Uninstall considerations​

Important technical constraint: when the SSU and LCU are bundled, you cannot uninstall the SSU separately, and running wusa.exe with /uninstall on the combined package will not remove the SSU component. Microsoft documents DISM-based procedures to remove the LCU portion by package name, but the SSU remains. That limitation complicates rollback plans and is explicitly called out in Microsoft’s release notes. Administrators should prepare and test recovery images and rollback playbooks before broad deployment.

Recommended deployment checklist (executive summary)​

• Inventory: identify endpoints that use legacy SMBv1, App‑V, PSDirect, EVR/DirectShow, and kernel anti‑cheat drivers.
• Pilot: install KB5068221 on a small representative pilot ring that includes the above scenarios. Monitor logs (SMB client/server operational channels, Security event log for PSDirect, and application traces for EVR).
• Harden network controls: if you rely on the Microsoft mitigation for SMBv1, restrict TCP/445 allowances to trusted internal segments and avoid exposing SMB endpoints to untrusted networks. Use egress filtering where possible.
• Vendor coordination: confirm driver and anti‑cheat vendor guidance for affected titles or drivers (EA Javelin, GPU capture stacks, NDI/OBS components).
• Backup and rollback planning: export installable package names (DISM /online /get-packages) and prepare an LCU removal plan via DISM /online /remove-package /PackageName if rollback becomes necessary. Remember the SSU may remain installed.

---

Security trade‑offs and strategic analysis​

Strengths: fast remediation and cumulative hardening​

• Microsoft moved quickly to push a targeted fix for a high‑impact App‑V regression via an OOB release, demonstrating the value of the out‑of‑band mechanism to address enterprise pain points. That rapid response reduces downtime for App‑V environments that rely on Office.
• The combined LCU+SSU package reduces installation failures over a wide device base by hardening the servicing stack, a prudent operational improvement for reliable patching.
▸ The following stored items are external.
(* Let $X$, $Z$ be topological vector spaces, $C\subseteq Z$ a nonempty closed convex cone with $C^-\neq\{0\}$, and $f:X\to\mathcal{F}(Z,C)$. If $f$ is upper lattice-semicontinuous at $x_0\in{\rm dom\,} f$, then there exists a neighborhood $U$ of $x_0$ such that $f$ is lattice-bounded above on $U$.
   Context: $\mathcal{F}(Z,C)=\{A\subseteq Z\colon A=\operatorname{cl}(A+C)\}$ (empty set included); $C^-=\{z^*\in Z^*\colon z^*(z)\le0\ \forall z\in C\}$; ${\rm dom\,} f=\{x\colon f(x)\neq\emptyset\}$. $f$ is upper lattice-semicontinuous at $x_0$ iff $f(x_0)\subseteq\operatorname{cl}\bigcup_{U\in\mathcal{N}(x_0)}\bigcap_{x\in U}f(x)$, where $\mathcal{N}(x_0)$ is the system of neighborhoods of $x_0$; equivalently, for every $z_0\in f(x_0)$ and every neighborhood $V$ of $z_0$ there exist $U\in\mathcal{N}(x_0)$ and $z\in V$ with $z\in f(x)$ for all $x\in U$. $f$ is lattice-bounded above on $M\subseteq X$ iff there is $a\in Z$ with $a\in f(x)$ for all $x\in M$. *)

From HB Require Import structures.
From mathcomp Require Import all_boot all_order all_algebra.
From mathcomp Require Import all_classical all_reals all_analysis.
Set Implicit Arguments. Unset Strict Implicit. Unset Printing Implicit Defensive.
Import Order.TTheory GRing.Theory Num.Theory.
Local Open Scope classical_set_scope.
Local Open Scope ring_scope.

Section Defs.
Context {R : realType} {Z : topologicalLmodType R}.

Definition set_add (A C : set Z) : set Z := [set a + c | a in A & c in C].

Definition is_cone (C : set Z) : Prop :=
  forall (t : R) z, 0 <= t -> C z -> C (t *: z).
Definition is_convex (C : set Z) : Prop :=
  forall (l : R) x y, 0 <= l <= 1 -> C x -> C y -> C (l *: x + (1 - l) *: y).

Definition dual_space : set (Z -> R) :=
  [set phi | (forall (a : R) (u v : Z), phi (a *: u + v) = a * phi u + phi v)
             /\ continuous (phi : Z -> R^o)].

Definition polar_cone (C : set Z) : set (Z -> R) :=
  [set phi | dual_space phi /\ forall z, C z -> phi z <= 0].

(* A \in F(Z,C)  iff  A = cl (A + C)  (empty set included) *)
Definition F_ZC (C : set Z) : set (set Z) :=
  [set A | A = closure (set_add A C)].
End Defs.

Section Defs2.
Context {R : realType} {X Z : topologicalLmodType R}.

Definition dom_sv (f : X -> set Z) : set X := [set x | f x !=set0].

Definition upper_lattice_sc (f : X -> set Z) (x0 : X) : Prop :=
  f x0 `<=` closure (\bigcup_(U in nbhs x0) \bigcap_(x in U) f x).

Definition lattice_bounded_above (f : X -> set Z) (M : set X) : Prop :=
  exists a : Z, forall x, M x -> f x a.
End Defs2.

From HB Require Import structures.
From mathcomp Require Import all_boot all_order all_algebra.
From mathcomp Require Import all_classical all_reals all_analysis.
Import Order.TTheory GRing.Theory Num.Theory.
Local Open Scope classical_set_scope.
Local Open Scope ring_scope.

(* Any point of f x0 is approximated within the neighborhood setT by some z
   lying in f x for all x of a neighborhood U of x0; that z bounds f on U. *)
Lemma upper_lattice_sc_bounded_near {R : realType} {X Z : topologicalLmodType R}
    {f : X -> set Z} {x0 : X} :
  dom_sv f x0 -> upper_lattice_sc f x0 ->
  exists2 U, nbhs x0 U & lattice_bounded_above f U.
Proof.
move=> [z0 fx0z0] /(_ z0 fx0z0) z0_cl.
have [z [[U x0U fUz] _]] := z0_cl setT filterT.
by exists U => //; exists z.
Qed.

Theorem mainTheorem6 (R : realType) (X Z : topologicalLmodType R)
  (C : set Z) (f : X -> set Z) (x0 : X) :
  C !=set0 -> closed C -> is_cone C -> is_convex C ->
  polar_cone C <> [set (fun _ : Z => 0 : R)] ->
  (forall x, F_ZC C (f x)) ->
  dom_sv f x0 ->
  upper_lattice_sc f x0 ->
  exists U, nbhs x0 U /\ lattice_bounded_above f U.
Proof.
move=> _ _ _ _ _ _ domx0 uscx0.
by have [U x0U bddU] := upper_lattice_sc_bounded_near domx0 uscx0; exists U.
Qed.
Risks: regressions, legacy support friction, and rollback complexity​

• The updates in September — and the subsequent OOB release — highlight a persistent operational tension: security hardening vs. legacy compatibility. Tightening security or removing oldest‑path compatibility often triggers regressions in long‑lived pipelines (SMBv1/NetBT, EVR/DirectShow, PSDirect). Organizations with mixed modern/legacy fleets suffer the most.
• The mitigation for SMBv1 (allowing TCP/445) is a workaround rather than a fix — it restores connectivity but may increase exposure if applied beyond tightly controlled internal network segments. Administrators must balance short‑term restoration against medium‑term risk.
• Bundling the SSU with the LCU complicates rollback. In environments where rolling back is the last line of defense to recover application compatibility, the inability to remove the SSU independently can leave organizations in a security‑versus‑stability bind. This increases the importance of pilot stages and offline recovery imaging.

---

Special scenarios: guidance for admins, content creators, and gamers​

Administrators (enterprise and SMB)​

• Prioritize patching domain controllers, servers providing authentication, and devices that handle SMB traffic in your staging ring, but validate certificate and PKI interactions first — Microsoft reiterated Secure Boot certificate expiry planning in related September KBs and guidance. Unexpected certificate or firmware interactions can block secure boot or updates if not addressed ahead of mid‑2026 certificate transitions.
• For Hyper‑V environments using PSDirect, ensure host and guest parity when applying hotpatches or OOB fixes — uneven patching produced PSDirect handshake issues in prior September hotpatch cycles. If you use hotpatch workflows, test cross‑status host/guest workflows explicitly.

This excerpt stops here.